In Mei Makino’s Inbetween Girl, budding artist Angie Chen (Emma Galbraith) draws often angry cartoon strips, but when her friend (and secret crush) Liam (William Magnuson) crawls in through her window one night, she quickly becomes his secret hookup. His girlfriend Sheila (Emily Garrett) is “too Catholic.” She’s saving herself for marriage.
Angie’s often left home alone. Her mother (Liz Waters) works long hours and has recently divorced Fai (KaiChow Lau). Fai has moved on and found a Chinese-speaking girlfriend, Min (ShanShan Jin)who has an academically gifted daughter Fang (Thanh Phuong Bui).
Hapa Makino delved into her own experiences but also was open to some input from the two leads, Galbraith and Magnuson.

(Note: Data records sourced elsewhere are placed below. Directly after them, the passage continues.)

Lemma dot_delta k (u : 'cV[R]_k) i : dot u (delta_mx i 0) = u i 0.
Proof.
rewrite /dot (bigD1 i) //= big1 => [|j /negPf ji]; rewrite mxE ?eqxx ?mulr1 ?addr0 //.
by rewrite ji mulr0.
Qed.

Lemma dot_trmx N d (Phi : 'M[R]_(N, d)) (r : 'cV[R]_N) (z : 'cV[R]_d) :
  dot (Phi^T *m r) z = dot r (Phi *m z).
Proof.
rewrite /dot; under eq_bigr do rewrite !mxE big_distrl.
rewrite exchange_big; apply: eq_bigr => j _ /=.
rewrite !mxE big_distrr; apply: eq_bigr => i _ /=.
by rewrite !mxE (mulrC (Phi j i)) mulrA.
Qed.

Lemma sqnorm_ge0 k (a : 'cV[R]_k) : 0 <= sqnorm a.
Proof. by apply: sumr_ge0 => i _; rewrite -expr2 sqr_ge0. Qed.

Lemma sqnorm_eq0 k (a : 'cV[R]_k) : sqnorm a = 0 -> a = 0.
Proof.
move=> a0; apply/matrixP => i j; rewrite (ord1 j) mxE.
have sq_ge0 i' : predT i' -> 0 <= a i' 0 * a i' 0 by rewrite -expr2 sqr_ge0.
by move: (psumr_eq0P sq_ge0 a0 (isT : predT i)) => /eqP; rewrite mulf_eq0 orbb => /eqP.
Qed.

Lemma sqnormD k (a b : 'cV[R]_k) : sqnorm (a + b) = sqnorm a + 2 * dot a b + sqnorm b.
Proof. rewrite /sqnorm !dotDl !dotDr (dotC b a); ring. Qed.

Lemma sqnormB k (a b : 'cV[R]_k) : sqnorm (a - b) = sqnorm a - 2 * dot a b + sqnorm b.
Proof. rewrite /sqnorm !dotBl !dotBr (dotC b a); ring. Qed.

Lemma sqnormZ k s (a : 'cV[R]_k) : sqnorm (s *: a) = s ^+ 2 * sqnorm a.
Proof. rewrite /sqnorm dotZl dotZr; ring. Qed.

Lemma norm2E k (a : 'cV[R]_k) : norm2 a = Num.sqrt (sqnorm a).
Proof. by rewrite /norm2 /sqnorm /dot; under eq_bigr do rewrite expr2. Qed.

Lemma norm2_ge0 k (a : 'cV[R]_k) : 0 <= norm2 a.
Proof. by rewrite norm2E sqrtr_ge0. Qed.

Lemma sqr_norm2 k (a : 'cV[R]_k) : norm2 a ^+ 2 = sqnorm a.
Proof. by rewrite norm2E sqr_sqrtr // sqnorm_ge0. Qed.

Lemma cauchy_schwarz k (a b : 'cV[R]_k) : `|dot a b| <= norm2 a * norm2 b.
Proof.
rewrite !norm2E -[X in _ <= X]mul1r.
apply: norm_le_of_homogeneous_bound; rewrite ?sqnorm_ge0 // => s t.
have := sqnorm_ge0 (s *: a + t *: b); have := sqnorm_ge0 (s *: a - t *: b).
rewrite sqnormB sqnormD !sqnormZ dotZl dotZr => h1 h2.
rewrite mul1r ler_norml; apply/andP; split; nra.
Qed.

There’s a naturalness to their youthful awkward forays into intimacy and their journey from platonic friendship to slightly sordid friendship with benefits.

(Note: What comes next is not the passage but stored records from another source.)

Lemma M2_idem_diag_unit (F : T) : F * F = F -> F <> 0 ->
  m11 F \is a GRing.unit \/ m22 F \is a GRing.unit.
Proof.
case: F => e f g h FF F0 /=.
have [eU | /(local_nonunit_inJ R_local) Je] := boolP (e \is a GRing.unit); first by left.
have [hU | /(local_nonunit_inJ R_local) Jh] := boolP (h \is a GRing.unit); first by right.
have Jf : inJ f.
  apply: (local_nonunit_inJ R_local); apply/negP => fU; apply: R_local.1.
  move: FF; rewrite mulM2E => -[_ fh _ _].
  have <- : f^-1 * e * f + h = 1 by rewrite -mulrA -(mulKr fU h) -mulrDr fh mulVr.
  by apply: inJ_add => //; apply/inJ_mulr/inJ_mull.
have : invertible (1 - (mkM2 e f g h : T)).
  rewrite oneM2E oppM2E addM2E; apply: invertible_mkM2.
  - by rewrite -[_ + _]/(1 - e); apply: unitrB_inJ; rewrite ?unitr1.
  - by rewrite -[_ + _]/(1 - h); apply: unitrB_inJ; rewrite ?unitr1.
  - by rewrite (sub0r f) -(mulN1r f) mulrA; apply: inJ_mull.
move/(idem_invertible_eq1 (idem_subr FF)) => /eqP; rewrite subr_eq addrC -subr_eq subrr.
by move/eqP/esym.
Qed.

Lemma M2_idem_corner (F : T) : F * F = F -> F <> 0 -> F <> 1 ->
  exists u v : T, u * v = F /\ (v * u = M2diag 1 0 \/ v * u = M2diag 0 1).
Proof.
case: F => e f g h FF F0 F1; case: (M2_idem_diag_unit FF F0) => /= U.
  by have [u [v [uv vu]]] := M2_idem_unit_corner U FF F1; exists u, v; split; [|left].
have [||u [v [uv vu]]] := M2_idem_unit_corner (f := g) (g := f) (h := e) U.
- by rewrite -[mkM2 h g f e]/(M2swap (mkM2 e f g h)) -M2swapM FF.
- by rewrite oneM2E => -[h1 g0 f0 e1]; apply: F1; rewrite oneM2E e1 f0 g0 h1.
exists (M2swap u), (M2swap v); split; last by right; rewrite -M2swapM vu.
by rewrite -M2swapM uv.
Qed.

Lemma M2_corner_diag (F X : T) : F * F = F -> F <> 0 -> F <> 1 ->
  F * X = X -> X * F = X ->
  exists a d (u v : T), forall n,
    M2diag a d ^+ n.+1 = v * X ^+ n.+1 * u /\ X ^+ n.+1 = u * M2diag a d ^+ n.+1 * v.
Proof.
move=> FF F0 F1 FX XF; have [u [v [uv vu]]] := M2_idem_corner FF F0 F1.
have Xuv : X * (u * v) = X by rewrite uv.
have Y_left : v * u * (v * X * u) = v * X * u.
  by rewrite !mulrA -(mulrA v u v) uv -(mulrA v F X) FX.
have Y_right : v * X * u * (v * u) = v * X * u.
  by rewrite mulrA -(mulrA (v * X) u v) uv -(mulrA v X F) XF.
have [a [d Yd]] : exists a d, v * X * u = M2diag a d.
  rewrite -Y_left -Y_right mulrA; case: vu => ->; rewrite M2diag_sandwich; M2_simpl.
    by exists (m11 (v * X * u)), 0.
  by exists 0, (m22 (v * X * u)).
exists a, d, u, v => n; split; first by rewrite -Yd; exact: conj_expr.
have -> : X = u * M2diag a d * v.
  by rewrite -Yd !mulrA uv FX -(mulrA X u v) uv XF.
by rewrite conj_expr // -Yd.
Qed.

Lemma M2_corner_nilpotent_jacobson (F X : T) n : F * F = F -> F <> 0 -> F <> 1 ->
  F * X = X -> X * F = X -> X ^+ n = 0 -> in_jacobson X.
Proof.
move=> FF F0 F1 FX XF Xn; have [a [d [u [v conj]]]] := M2_corner_diag FF F0 F1 FX XF.
have [+ _] := conj n; rewrite [X ^+ _]exprSr Xn mul0r mulr0 mul0r M2diagX zeroM2E.
case=> /(local_nilpotent_inJ R_local) Ja /(local_nilpotent_inJ R_local) Jd.
have [_] := conj 0%N; rewrite !expr1 => ->.
by apply/in_jacobson_mulr/in_jacobson_mull/M2diag_jacobson.
Qed.

Lemma M2_corner_jacobson_nilpotent (F X : T) : J_nil R -> F * F = F -> F <> 0 -> F <> 1 ->
  F * X = X -> X * F = X -> in_jacobson X -> exists n, X ^+ n = 0.
Proof.
move=> Jnil FF F0 F1 FX XF JX; have [a [d [u [v conj]]]] := M2_corner_diag FF F0 F1 FX XF.
have [+ _] := conj 0%N; rewrite !expr1 => Yd.
have /M2diag_jacobson [/Jnil [na an] /Jnil [nd dn]] : in_jacobson (M2diag a d).
  by rewrite Yd; apply/in_jacobson_mulr/in_jacobson_mull.
have ak : a ^+ (na + nd).+1 = 0 by rewrite -addnS exprD an mul0r.
have dk : d ^+ (na + nd).+1 = 0 by rewrite addnC -addnS exprD dn mul0r.
by exists (na + nd).+1; have [_ ->] := conj (na + nd)%N; rewrite M2diagX ak dk mulr0 mul0r.
Qed.

Lemma M2_idem_commute_nilpotent_jacobson (E W : T) n : E * E = E -> E <> 0 -> E <> 1 ->
  E * W = W * E -> W ^+ n = 0 -> in_jacobson W.
Proof.
move=> EE E0 E1 EW Wn.
have corner F : F * F = F -> F <> 0 -> F <> 1 -> F * W = W * F -> in_jacobson (F * W).
  move=> FF F0 F1 FW; apply: (M2_corner_nilpotent_jacobson (n := n.+1) FF F0 F1).
  - by rewrite mulrA FF.
  - by rewrite -mulrA -FW mulrA FF.
  - by rewrite idem_mul_expr // exprSr Wn mul0r mulr0.
have [F0 F1] := idem_complement_nontrivial E0 E1.
rewrite -[W]mul1r -[1](subrK E) mulrDl.
by apply: in_jacobson_add; apply: corner => //; [apply: idem_subr | apply: commr_1sub].
Qed.

Lemma M2_idem_commute_jacobson_nilpotent (E W : T) : J_nil R ->
  E * E = E -> E <> 0 -> E <> 1 -> E * W = W * E -> in_jacobson W ->
  exists n, W ^+ n = 0.
Proof.
move=> Jnil EE E0 E1 EW JW.
have corner F : F * F = F -> F <> 0 -> F <> 1 -> F * W = W * F ->
    exists n, (F * W) ^+ n = 0.
  move=> FF F0 F1 FW; apply: (M2_corner_jacobson_nilpotent Jnil FF F0 F1).
  - by rewrite mulrA FF.
  - by rewrite -mulrA -FW mulrA FF.
  - exact: in_jacobson_mull.
have [F0 F1] := idem_complement_nontrivial E0 E1.
apply: (nilpotent_idem_split EE EW); apply: corner => //.
  exact: idem_subr.
exact: commr_1sub.
Qed.

Lemma M2_strongly_nil_clean_J_nil :
  (forall A : M2s R, ~ M2unit s A -> ~ M2unit s (M2sub (M2one R) A) ->
     strongly_nil_clean s A) -> J_nil R.
Proof.
move=> snc x Jx; have x1U : (1 - x) \is a GRing.unit by have := Jx 1; rewrite mul1r.
pose A : T := M2diag x 1.
have AN : ~ invertible A by case/M2diag_invertible => xU _; case/negP: (inJ_nonunit Jx).
have A1N : ~ invertible (1 - A).
  have -> : 1 - A = M2diag (1 - x) 0 by rewrite /A /M2diag; M2_simpl.
  by case/M2diag_invertible => _; rewrite unitr0.
have /strongly_nil_cleanE [[e f g h] [EE AE [n AEn]]] := snc A AN A1N.
move: AE; rewrite /A /M2diag; M2_simpl => -[_ xf gx].
have f0 : f = 0 by apply: (mulrI x1U); rewrite mulrBl mul1r xf subrr mulr0.
have g0 : g = 0 by apply: (mulIr x1U); rewrite mulrBr mulr1 -gx subrr mul0r.
move: EE AEn; rewrite f0 g0 -[mkM2 e 0 0 h]/(M2diag e h) M2diagM => -[ee _].
have -> : A - M2diag e h = M2diag (x - e) (1 - h) by rewrite /A /M2diag; M2_simpl.
rewrite M2diagX zeroM2E => -[xen _].
have [e0 | e1] := local_idem R_local ee; first by exists n; rewrite -xen e0 subr0.
by move: xen; rewrite e1 => /nilpotent_nonunit; rewrite -opprB unitrN x1U.
Qed.

Lemma M2_strongly_nil_clean_J_clean (A : T) :
  ~ M2unit s A -> ~ M2unit s (M2sub (M2one R) A) ->
  strongly_nil_clean s A -> strongly_J_clean s A.
Proof.
move=> AN A1N /strongly_nil_cleanE [E [EE AE [n AEn]]].
apply/strongly_J_cleanE; exists E; split=> //.
have [E0 E1] := clean_idem_nontrivial (AN : ~ invertible A) (A1N : ~ invertible (1 - A))
  (invertible_1sub_nilpotent AEn) (invertible_1add_nilpotent AEn).
by apply: (M2_idem_commute_nilpotent_jacobson EE E0 E1 _ AEn); rewrite mulrBl mulrBr AE.
Qed.

Lemma M2_strongly_J_clean_nil_clean (A : T) : J_nil R ->
  ~ M2unit s A -> ~ M2unit s (M2sub (M2one R) A) ->
  strongly_J_clean s A -> strongly_nil_clean s A.
Proof.
move=> Jnil AN A1N /strongly_J_cleanE [E [EE AE JAE]].
apply/strongly_nil_cleanE; exists E; split=> //.
have [E0 E1] := clean_idem_nontrivial (AN : ~ invertible A) (A1N : ~ invertible (1 - A))
  (in_jacobson_1sub JAE) (in_jacobson_1add JAE).
by apply: (M2_idem_commute_jacobson_nilpotent Jnil EE E0 E1 _ JAE); rewrite mulrBl mulrBr AE.
Qed.
End M2Local.

Theorem proposition2p14 (R : unitRingType) (s : R) :
  local_ring R -> central s ->
  ((forall A : M2s R, ~ M2unit s A -> ~ M2unit s (M2sub (M2one R) A) ->
        strongly_nil_clean s A)
   <->
   ((forall A : M2s R, ~ M2unit s A -> ~ M2unit s (M2sub (M2one R) A) ->
        strongly_J_clean s A)
    /\ J_nil R)).
Proof.
move=> R_local s_central; split=> [snc | [sjc Jnil] A AN A1N].
  split; last exact: M2_strongly_nil_clean_J_nil.
  by move=> A AN A1N; apply: M2_strongly_nil_clean_J_clean => //; apply: snc.
by apply: (M2_strongly_J_clean_nil_clean (s_central := s_central)) => //; apply: sjc.
Qed.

“Inbetween Girl” made its world premiere at SXSW Online 2021. Running time is 89 minutes and the film is not yet rated.
Islands ⭐︎⭐︎⭐︎ (Canada)
Screenwriter/director Martin Edralin captures the patience required as the tyranny of aging affects a loved one in his film: Islands. Joshua is also the eldest son. He was once a dentist, but leaving the Philippines meant he wasn’t licensed for Canada. Needing to support his parents–Alma (Vangie Alcasid), and his father, Reynaldo (Esteban Comilang), Joshua couldn’t afford the dentistry re-education and found humble work as a janitor. Joshua’s younger brother Paolo’s (Pablo S.J. Quiogue) married a White woman and lives outside of the mundane stress of elder care.

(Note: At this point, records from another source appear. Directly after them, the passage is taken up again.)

Lemma char_triangle_Ghull x : 0 < x -> Gm x < Fm x ->
  char_triangle u0 ub rho0 rhob x t `<=` apex_hull (x, t) (Gbase x).
Proof.
rewrite /char_triangle => x0 GF; rewrite GF (lt_gtF GF) andbF /= => p /conv3_conv4 hp.
exists (0, tau_low ub rhob x t), (0, tau_up ub rhob x t).
exists (0, tau_up ub rhob x t).
by split=> //; apply: imageP;
  [apply: tau_low_argmin | apply: tau_up_argmin..]; exact: ltW.
Qed.

Lemma char_triangle_hull x : 0 < x ->
  char_triangle u0 ub rho0 rhob x t `<=` apex_hull (x, t) (char_base x).
Proof.
move=> x0; case: (ltgtP (Fm x) (Gm x)) => [FG|GF|FG].
- by move=> p /(char_triangle_Fhull x0 FG); apply: apex_hull_sub => q Fq; left; left.
- by move=> p /(char_triangle_Ghull x0 GF); apply: apex_hull_sub => q Gq; left; right.
rewrite /char_triangle FG ltxx eqxx andbF /= => p hp.
exists (y_up u0 rho0 x t, 0), (0, tau_up ub rhob x t), (0, 0).
split=> //; [left; left | left; right | by right]; apply: imageP.
  exact/y_up_argmin/ltW.
exact/tau_up_argmin/ltW.
Qed.

Lemma char_triangles_sep_F x1 x2 p : 0 < x1 -> x1 < x2 -> Fm x2 < Gm x2 ->
  char_triangle u0 ub rho0 rhob x1 t p -> char_triangle u0 ub rho0 rhob x2 t p ->
  p.2 = 0.
Proof.
move=> x10 x12 FG2 T1 T2; have yup := y_up_argmin (ltW x10).
apply: (apex_hulls_meet_on_xaxis t_gt0 (proj1 yup) x10 x12).
- apply: apex_hull_sub (char_triangle_hull x10 T1).
  move=> _ [[[y Fy <-]|[tau Gtau <-]]|->] /=.
  + by left; split=> //; exact: argminF_le_y_up (ltW x10) Fy.
  + by right; rewrite (proj1 Gtau) ltW ?(argminG_lt_t x10 Gtau).
  + by right; rewrite lexx ltW.
- apply: apex_hull_sub (char_triangle_Fhull (lt_trans x10 x12) FG2 T2).
  by move=> _ [y Fy <-]; split=> //; exact: argminF_mono (ltW x10) x12 yup Fy.
Qed.

Lemma char_triangles_sep_G x1 x2 p : 0 < x1 -> x1 < x2 -> Gm x1 < Fm x1 ->
  char_triangle u0 ub rho0 rhob x1 t p -> char_triangle u0 ub rho0 rhob x2 t p ->
  p.1 = 0.
Proof.
move=> x10 x12 GF1 T1 T2; have tlow := tau_low_argmin (ltW x10).
apply: (apex_hulls_meet_on_yaxis (argminG_lt_t x10 tlow) x10 x12).
- apply: apex_hull_sub (char_triangle_Ghull x10 GF1 T1).
  by move=> _ [tau Gtau <-]; split=> //; exact: tau_low_le_argminG (ltW x10) Gtau.
- apply: apex_hull_sub (char_triangle_hull (lt_trans x10 x12) T2).
  move=> _ [[[y [y0 _] <-]|[tau Gtau <-]]|->] /=; split=> //; try exact: (proj1 tlow).
  exact: argminG_mono (ltW x10) x12 tlow Gtau.
Qed.

Lemma char_triangles_sep_E x1 x2 p : 0 < x1 -> x1 < x2 ->
  Fm x1 <= Fm x2 -> Gm x2 <= Gm x1 ->
  char_triangle u0 ub rho0 rhob x1 t p -> char_triangle u0 ub rho0 rhob x2 t p ->
  p.1 = 0.
Proof.
move=> x10 x12 Fm12 Gm21 T1 T2.
apply: (apex_hulls_meet_on_yaxis t_gt0 x10 x12).
- apply: apex_hull_sub (char_triangle_hull x10 T1).
  move=> _ [[[y Fy <-]|[tau [tau0 _] <-]]|->] //=.
  by rewrite (argminF_eq0 (ltW x10) x12 Fm12 Fy).
- apply: apex_hull_sub (char_triangle_hull (lt_trans x10 x12) T2).
  move=> _ [[[y [y0 _] <-]|[tau Gtau <-]]|->] //=.
  by rewrite (argminG_eq0 (ltW x10) x12 Gm21 Gtau).
Qed.

Lemma char_triangles_disjoint x1 x2 p : 0 < x1 -> x1 < x2 -> 0 < p.1 -> 0 < p.2 ->
  char_triangle u0 ub rho0 rhob x1 t p -> char_triangle u0 ub rho0 rhob x2 t p ->
  False.
Proof.
move=> x10 x12 p1 p2 T1 T2.
have Fm21 := Fmin_nonincreasing (ltW x10) (ltW x12).
have Gm12 := Gmin_nondecreasing (ltW x10) (ltW x12).
have [FG2|GF2] := ltP (Fm x2) (Gm x2).
  by move: p2; rewrite (char_triangles_sep_F x10 x12 FG2 T1 T2) ltxx.
have [GF1|FG1] := ltP (Gm x1) (Fm x1).
  by move: p1; rewrite (char_triangles_sep_G x10 x12 GF1 T1 T2) ltxx.
have Fm12 : Fm x1 <= Fm x2 by lra.
have Gm21 : Gm x2 <= Gm x1 by lra.
by move: p1; rewrite (char_triangles_sep_E x10 x12 Fm12 Gm21 T1 T2) ltxx.
Qed.

End CharacteristicTriangles.

Theorem lemma2p9 (R : realType) (u0 ub rho0 rhob : R -> R)
  (mu0 : measurable_fun (`[0%R, +oo[ : set R) u0) (mub : measurable_fun (`[0%R, +oo[ : set R) ub)
  (mrho0 : measurable_fun (`[0%R, +oo[ : set R) rho0) (mrhob : measurable_fun (`[0%R, +oo[ : set R) rhob)
  (bu0 : bounded_on_nonneg u0) (bub : bounded_on_nonneg ub)
  (ub_pos : forall eta, 0 <= eta -> 0 < ub eta)
  (rho0_pos : forall eta, 0 <= eta -> 0 < rho0 eta)
  (rhob_pos : forall eta, 0 <= eta -> 0 < rhob eta)
  (lbrho0 : locally_bounded_on_nonneg rho0) (lbrhob : locally_bounded_on_nonneg rhob)
  (minF : forall x t : R, 0 <= x -> 0 < t ->
     has_extreme_minimizers (fun y => Fyxt u0 rho0 y x t))
  (minG : forall x t : R, 0 <= x -> 0 < t ->
     has_extreme_minimizers (fun tau => Gtxt ub rhob tau x t))
  (t x1 x2 : R) (ht : 0 < t) (hx1 : 0 < x1) (hx2 : 0 < x2) (hx12 : x1 != x2) :
  ~ (exists p : R * R, [/\ 0 < p.1, 0 < p.2,
       char_triangle u0 ub rho0 rhob x1 t p & char_triangle u0 ub rho0 rhob x2 t p]).
Proof.
move=> [p [p1 p2 T1 T2]].
have disjoint := char_triangles_disjoint mu0 mub mrho0 mrhob bu0 bub ub_pos
  rho0_pos rhob_pos lbrho0 lbrhob ht (fun x x0 => minF x t x0 ht)
  (fun x x0 => minG x t x0 ht).
have [x12|x21] : x1 < x2 \/ x2 < x1 by apply/orP; rewrite -neq_lt.
- exact: disjoint hx1 x12 p1 p2 T1 T2.
- exact: disjoint hx2 x21 p1 p2 T2 T1.
Qed.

In a path that parallel’s Joshua, Filipino Canadian Edralin also captures the plight of the dutiful Filipina daughter, Marisol (Sheila Lotuaco). Marisol had often been invited to visit in Canada by Alma, but only finally makes it to attend Alma’s funeral. Marisol has been earning money in Kuwait, sending it back to her family in the Philippines. Like her cousin Joshua, she has missed out on love and family and unfortunately, lived a life filled with sexual harassment and possible assault.
Islands seems like a melancholy tribute to the lonely men and women not just living far from the islands of their birth, but also living as islands of isolation in far flung cities and countries.
There are few things worse than finding out one of your former loves left you and decided to change course in their love life. In the case of performance artist and now college instructor (Lynn Chen) her romance with Kris (Pooya Mohseni) ended abruptly. He didn’t just decide he wasn’t interested in women any more. He decided to transition to being female with a decided preference for men.
Kris has had her “gender affirmation surgery” a decade ago, but now she comes for closure with Naomi. Things begin friendly enough, but there’s a load of hurt that will be unpacked and finally hurled around.
Writer/director Mari Walker is herself hapa, half-Japanese half-White. According to an article in the Alliance of Female Journalists, her mother had little awareness of her Japanese culture. Walker had lived and worked as a man until she decided to live more authentically and transitioned. Co-writing with Kristen Uno, during one night in Phoenix, Walker takes us from awkward silences to cautious political correctness until a secret breaks down to the raw anger and bitterness that have been festering for a decade.
See You Then made its world premiere at SXSW Online 2021. Running time is 74 minutes.